Work required
Only the opening lines of the listing, through the one with "Context: Let $t_1,\dots,t_r$", are to be retyped, each exactly as it stands.

Recorded data

(* Let $K$ be a field of characteristic $p>0$ with $[K:K^p]=p^r$ for some integer $r\ge 1$, and let $\nu(r)_K$ be the group defined below. Then $\nu(r)_K$ is unirational.
   Context: Let $t_1,\dots,t_r$ be a $p$-basis of $K$. $\nu(r)_K$ is the closed subgroup of $\mathbf{G}_a^{p^r}$, with coordinates $x_{i(1)\cdots i(r)}$ indexed by $0\le i(1),\dots,i(r)\le p-1$, defined by $x_{0\cdots 0}-\sum_{0\le i(1),\dots,i(r)\le p-1}x_{i(1)\cdots i(r)}^p t_1^{i(1)}\cdots t_r^{i(r)}=0$; equivalently it is the kernel of $C-W^*:\operatorname{Res}_{K^{1/p}/K}\Omega^r_{K^{1/p}}\to\Omega^r_K$ (Cartier operator minus formal $p$-th power). A variety over $K$ is unirational if there is a dominant rational map to it from some affine space $\mathbb{A}^n_K$. *)

From HB Require Import structures.
From mathcomp Require Import all_boot all_order all_algebra.
From mathcomp Require Import fraction.
From mathcomp.multinomials Require Import mpoly.
Set Implicit Arguments. Unset Strict Implicit. Unset Printing Implicit Defensive.
Import GRing.Theory.
Local Open Scope ring_scope.

Definition nu_idx (p r : nat) := {ffun 'I_r -> 'I_p}.

Definition nu_dim (p r : nat) : nat := #|{: nu_idx p r}|.

Definition tmon (K : fieldType) (p r : nat) (t : 'I_r -> K) (i : nu_idx p r) : K :=
  \prod_(j < r) t j ^+ (i j).

(* t_1..t_r is a p-basis of K: the monomials t^i (0 <= i(j) <= p-1) form a
   basis of K over K^p, i.e. every x in K is uniquely sum_i c_i^p t^i. *)
Definition is_p_basis (K : fieldType) (p r : nat) (t : 'I_r -> K) : Prop :=
  forall x : K, exists! c : {ffun nu_idx p r -> K},
    x = \sum_(i : nu_idx p r) c i ^+ p * tmon t i.

Definition nu_var (K : fieldType) (p r : nat) (i : nu_idx p r) : {mpoly K[nu_dim p r]} :=
  'X_(enum_rank i).

Definition is_zero_idx (p r : nat) (i : nu_idx p r) : bool :=
  [forall j, (i j == 0 :> nat)].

Task answer
(* Let $K$ be a field of characteristic $p>0$ with $[K:K^p]=p^r$ for some integer $r\ge 1$, and let $\nu(r)_K$ be the group defined below. Then $\nu(r)_K$ is unirational.
   Context: Let $t_1,\dots,t_r$ be a $p$-basis of $K$. $\nu(r)_K$ is the closed subgroup of $\mathbf{G}_a^{p^r}$, with coordinates $x_{i(1)\cdots i(r)}$ indexed by $0\le i(1),\dots,i(r)\le p-1$, defined by $x_{0\cdots 0}-\sum_{0\le i(1),\dots,i(r)\le p-1}x_{i(1)\cdots i(r)}^p t_1^{i(1)}\cdots t_r^{i(r)}=0$; equivalently it is the kernel of $C-W^*:\operatorname{Res}_{K^{1/p}/K}\Omega^r_{K^{1/p}}\to\Omega^r_K$ (Cartier operator minus formal $p$-th power). A variety over $K$ is unirational if there is a dominant rational map to it from some affine space $\mathbb{A}^n_K$. *)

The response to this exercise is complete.